Counting the line with "set (L := 2 + Rabs k)." as the last one, copy out the lines of the data exactly from the first onward.

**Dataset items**
• • • •
Lemma ode4_zero_initial_data (k lo hi : R) (w0 w1 w2 w3 : R -> R) :
  lo < 0 < hi ->
  (forall t, lo < t < hi -> is_derive w0 t (w1 t)) ->
  (forall t, lo < t < hi -> is_derive w1 t (w2 t)) ->
  (forall t, lo < t < hi -> is_derive w2 t (w3 t)) ->
  (forall t, lo < t < hi -> is_derive w3 t (- k * w0 t)) ->
  w0 0 = 0 -> w1 0 = 0 -> w2 0 = 0 -> w3 0 = 0 ->
  forall t, lo < t < hi -> w0 t = 0 /\ w1 t = 0 /\ w2 t = 0 /\ w3 t = 0.
Proof.
  intros Hlohi Hw0 Hw1 Hw2 Hw3 I0 I1 I2 I3 t Ht.
  set (E := fun s => w0 s ^ 2 + w1 s ^ 2 + w2 s ^ 2 + w3 s ^ 2).
  set (dE := fun s => 2 * (w0 s * w1 s + w1 s * w2 s + w2 s * w3 s + w3 s * (- k * w0 s))).
  set (L := 2 + Rabs k).
  assert (HE : forall s, lo < s < hi -> is_derive E s (dE s)).
  { intros s Hs. unfold E, dE.
    replace (2 * (w0 s * w1 s + w1 s * w2 s + w2 s * w3 s + w3 s * (- k * w0 s)))
      with (plus (plus (plus (2 * w0 s * w1 s) (2 * w1 s * w2 s)) (2 * w2 s * w3 s))
              (2 * w3 s * (- k * w0 s))) by (unfold plus; simpl; ring).
    apply (is_derive_plus (fun s => w0 s ^ 2 + w1 s ^ 2 + w2 s ^ 2) (fun s => w3 s ^ 2));
      [apply (is_derive_plus (fun s => w0 s ^ 2 + w1 s ^ 2) (fun s => w2 s ^ 2));
        [apply (is_derive_plus (fun s => w0 s ^ 2) (fun s => w1 s ^ 2)) |] |];
      apply is_derive_square; auto. }
  assert (Hgrowth : forall s, - (L * E s) <= dE s <= L * E s).
  { intros s. apply Rabs_le_between. apply energy4_derivative_bound. }
  assert (HE0 : E 0 = 0) by (unfold E; rewrite I0, I1, I2, I3; ring).
  assert (HEt : E t <= 0).
  { destruct (Rle_or_lt 0 t).
    - apply (gronwall_nonpos E dE L 0 t); [lra | | | lra].
      + intros s Hs. apply HE. lra.
      + intros s _. apply Hgrowth.
    - apply (gronwall_nonpos_backward E dE L t 0); [lra | | | lra].
      + intros s Hs. apply HE. lra.
      + intros s _. apply Hgrowth. }
  unfold E in HEt.
  pose proof (pow2_ge_0 (w0 t)). pose proof (pow2_ge_0 (w1 t)).
  pose proof (pow2_ge_0 (w2 t)). pose proof (pow2_ge_0 (w3 t)).
  repeat split; apply Rsqr_0_uniq; unfold Rsqr; simpl in HEt |- *; lra.
Qed.

Lemma endpoint_values_of_limits (f G : R -> R) (lo hi l : R) :
  lo < hi ->
  (forall y, lo < y < hi -> f y = G y) ->
  continuous G lo -> continuous G hi ->
  filterlim f (at_right lo) (locally l) -> filterlim f (at_left hi) (locally l) ->
  G lo = l /\ G hi = l.
Proof.
  intros Hlohi Hfg Hlo Hhi Hflo Hfhi.
  assert (Hwidth : 0 < hi - lo) by lra.
  split.
  - apply (filterlim_locally_unique (F := at_right lo) G);
      [exact (filterlim_filter_le_1 G (filter_le_within _) Hlo) |].
    apply (filterlim_ext_loc f); [| exact Hflo].
    exists (mkposreal _ Hwidth). intros y Hy Hylo. apply Hfg.
    apply (proj1 (Rabs_lt_between' _ _ _)) in Hy. simpl in Hy. lra.
  - apply (filterlim_locally_unique (F := at_left hi) G);
      [exact (filterlim_filter_le_1 G (filter_le_within _) Hhi) |].
    apply (filterlim_ext_loc f); [| exact Hfhi].
    exists (mkposreal _ Hwidth). intros y Hy Hyhi. apply Hfg.
    apply (proj1 (Rabs_lt_between' _ _ _)) in Hy. simpl in Hy. lra.
Qed.

Lemma is_derive_sub_basis_comb (g : R -> R) (a x dg : R) (c : coeffs) :
  is_derive g x dg ->
  is_derive (fun t => g t - basis_comb a c t) x (dg - basis_comb a (coeffs_deriv a c) x).
Proof. intros Hg. apply (is_derive_minus g); [exact Hg | apply is_derive_basis_comb]. Qed.

Lemma ode4_representation (a m lo hi : R) (f : R -> R) :
  a <> 0 -> lo < 0 < hi ->
  (forall k x, (k <= 4)%nat -> lo < x < hi -> ex_derive_n f k x) ->
  (forall x, lo < x < hi -> Derive_n f 4 x = - (4 * a ^ 4) * (f x + m)) ->
  exists c : coeffs, forall x, lo < x < hi ->
    f x + m = basis_comb a c x /\ Derive f x = basis_comb a (coeffs_deriv a c) x.
Proof.
  intros Ha Hlohi Hex Hode.
  assert (Hder : forall j t, (j < 4)%nat -> lo < t < hi ->
                   is_derive (Derive_n f j) t (Derive_n f (S j) t)).
  { intros j t Hj Ht. apply Derive_correct, (Hex (S j) t); [lia | exact Ht]. }
  (* Coefficients matching the values of [f + m, f', f'', f'''] at 0. *)
  set (c0 := Coeffs (f 0 + m) (Derive_n f 2 0 / (2 * a ^ 2))
               ((Derive_n f 1 0 / a + Derive_n f 3 0 / (2 * a ^ 3)) / 2)
               ((Derive_n f 1 0 / a - Derive_n f 3 0 / (2 * a ^ 3)) / 2)).
  set (c1 := coeffs_deriv a c0). set (c2 := coeffs_deriv a c1). set (c3 := coeffs_deriv a c2).
  set (w0 := fun t => (f t + m) - basis_comb a c0 t).
  set (w := fun j c t => Derive_n f j t - basis_comb a c t).
  assert (Hw0 : forall t, lo < t < hi -> is_derive w0 t (w 1%nat c1 t)).
  { intros t Ht. apply is_derive_sub_basis_comb.
    replace (Derive_n f 1 t) with (plus (Derive_n f 1 t) zero)
      by (unfold plus, zero; simpl; ring).
    apply (is_derive_plus f (fun _ => m)); [exact (Hder 0%nat t ltac:(lia) Ht) |].
    apply (@is_derive_const R_AbsRing R_NormedModule). }
  assert (Hw1 : forall t, lo < t < hi -> is_derive (w 1%nat c1) t (w 2%nat c2 t)).
  { intros t Ht. apply is_derive_sub_basis_comb, Hder; [lia | exact Ht]. }
  assert (Hw2 : forall t, lo < t < hi -> is_derive (w 2%nat c2) t (w 3%nat c3 t)).
  { intros t Ht. apply is_derive_sub_basis_comb, Hder; [lia | exact Ht]. }
  assert (Hw3 : forall t, lo < t < hi -> is_derive (w 3%nat c3) t (- (4 * a ^ 4) * w0 t)).
  { intros t Ht.
    replace (- (4 * a ^ 4) * w0 t) with (Derive_n f 4 t - basis_comb a (coeffs_deriv a c3) t)
      by (unfold w0, c3, c2, c1; rewrite Hode, basis_comb_deriv4 by exact Ht; ring).
    apply is_derive_sub_basis_comb, Hder; [lia | exact Ht]. }
  assert (Ha2 : a ^ 2 <> 0) by (apply pow_nonzero, Ha).
  assert (Ha3 : a ^ 3 <> 0) by (apply pow_nonzero, Ha).
  assert (I0 : w0 0 = 0) by (unfold w0; rewrite basis_comb_0; simpl; ring).
  assert (I1 : w 1%nat c1 0 = 0) by (unfold w; rewrite basis_comb_0; simpl; field; auto).
  assert (I2 : w 2%nat c2 0 = 0) by (unfold w; rewrite basis_comb_0; simpl; field; auto).
  assert (I3 : w 3%nat c3 0 = 0) by (unfold w; rewrite basis_comb_0; simpl; field; auto).
  exists c0. intros x Hx.
  destruct (ode4_zero_initial_data (4 * a ^ 4) lo hi w0 (w 1%nat c1) (w 2%nat c2) (w 3%nat c3)
              Hlohi Hw0 Hw1 Hw2 Hw3 I0 I1 I2 I3 x Hx) as [H0 [H1 _]].
  unfold w0, w, c1 in H0, H1. change (Derive_n f 1 x) with (Derive f x) in H1. split; lra.
Qed.
Lemma clamped_profile_identity (a y : R) :
  2 * ((cosh a * sin a + sinh a * cos a) * (cosh y * cos y)
       + (cosh a * sin a - sinh a * cos a) * (sinh y * sin y)
       - (sinh a * cosh a + sin a * cos a))
  = - ((sinh (a + y) - sin (a + y)) * (cosh (a - y) - cos (a - y))
       + (sinh (a - y) - sin (a - y)) * (cosh (a + y) - cos (a + y))).
Proof.
  replace (a - y) with (a + - y) by ring.
  rewrite !sinh_plus, !cosh_plus, !sin_plus, !cos_plus, sinh_neg, cosh_neg, sin_neg, cos_neg.
  pose proof (cosh2_sinh2 y) as Hh. pose proof (sin2_cos2 y) as Ht. unfold Rsqr in Ht.
  replace (sinh a * cosh a) with (sinh a * cosh a * (cosh y ^ 2 - sinh y ^ 2))
    by (rewrite Hh; ring).
  replace (sin a * cos a) with (sin a * cos a * (sin y * sin y + cos y * cos y))
    by (rewrite Ht; ring).
  ring.
Qed.
Lemma eq_big_In (I : Type) (M : nmodType) (s : seq I) (F G : I -> M) :
  (forall i, List.In i s -> F i = G i) -> \sum_(i <- s) F i = \sum_(i <- s) G i.
Proof.
elim: s => [|i s IHs] FG; first by rewrite !big_nil.
rewrite !big_cons FG; last by left.
by rewrite IHs // => j sj; apply: FG; right.
Qed.

Lemma pdo_order_ge (R : realType) (r : nat) (D : pdo R r) t :
  List.In t D -> (size t.2 <= pdo_order D)%N.
Proof.
rewrite /pdo_order; elim: D => [|t0 D IHD] //= [<-|tD]; rewrite big_cons.
  exact: leq_maxl.
exact: leq_trans (IHD tD) (leq_maxr _ _).
Qed.

Section ClassicalSolutions.
Variables (R : realType) (r : nat) (D : pdo R r).
Local Notation pt := 'rV[R]_r.
Local Notation C := (complex.complex R).
Implicit Types (a : C) (u v : pt -> C).

Lemma pdo_apply_scaleD a u v x :
  isCk (pdo_order D) u -> isCk (pdo_order D) v ->
  pdo_apply D (a *: u + v) x = a * pdo_apply D u x + pdo_apply D v x.
Proof.
move=> Cu Cv; rewrite /pdo_apply mulr_sumr -big_split; apply: eq_big_In => t tD.
rewrite (cpartials_scaleD a Cu Cv (pdo_order_ge tD)) !fctE mulrDr.
by congr (_ + _); exact: mulrCA.
Qed.

Lemma classical_solution_scaleD a u v : classical_solution D u ->
  classical_solution D v -> classical_solution D (a *: u + v).
Proof.
move=> [Cu Du] [Cv Dv]; split=> [|x]; first exact: isCk_scaleD.
by rewrite pdo_apply_scaleD // Du Dv mulr0 addr0.
Qed.

Lemma sol_space_subspace : linear_subspace (sol_space D).
Proof.
split=> [|a u v]; last exact: classical_solution_scaleD.
split=> [|x]; first exact: isCk0.
by rewrite /pdo_apply big1 // => t _; rewrite cpartials0 mulr0.
Qed.

Lemma classical_solution_comp_shift g u :
  (forall t, List.In t D -> forall x, t.1 (x + g) = t.1 x) ->
  classical_solution D u -> classical_solution D (u \o shift g).
Proof.
move=> Dper [Cu Du]; split=> [|x]; first exact: isCk_comp_shift.
rewrite -(Du (x + g)) /pdo_apply; apply: eq_big_In => t tD.
by rewrite cpartials_comp_shift /= Dper.
Qed.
• • • •
**SOLUTION FOR THIS TASK**
Lemma ode4_zero_initial_data (k lo hi : R) (w0 w1 w2 w3 : R -> R) :
  lo < 0 < hi ->
  (forall t, lo < t < hi -> is_derive w0 t (w1 t)) ->
  (forall t, lo < t < hi -> is_derive w1 t (w2 t)) ->
  (forall t, lo < t < hi -> is_derive w2 t (w3 t)) ->
  (forall t, lo < t < hi -> is_derive w3 t (- k * w0 t)) ->
  w0 0 = 0 -> w1 0 = 0 -> w2 0 = 0 -> w3 0 = 0 ->
  forall t, lo < t < hi -> w0 t = 0 /\ w1 t = 0 /\ w2 t = 0 /\ w3 t = 0.
Proof.
  intros Hlohi Hw0 Hw1 Hw2 Hw3 I0 I1 I2 I3 t Ht.
  set (E := fun s => w0 s ^ 2 + w1 s ^ 2 + w2 s ^ 2 + w3 s ^ 2).
  set (dE := fun s => 2 * (w0 s * w1 s + w1 s * w2 s + w2 s * w3 s + w3 s * (- k * w0 s))).
  set (L := 2 + Rabs k).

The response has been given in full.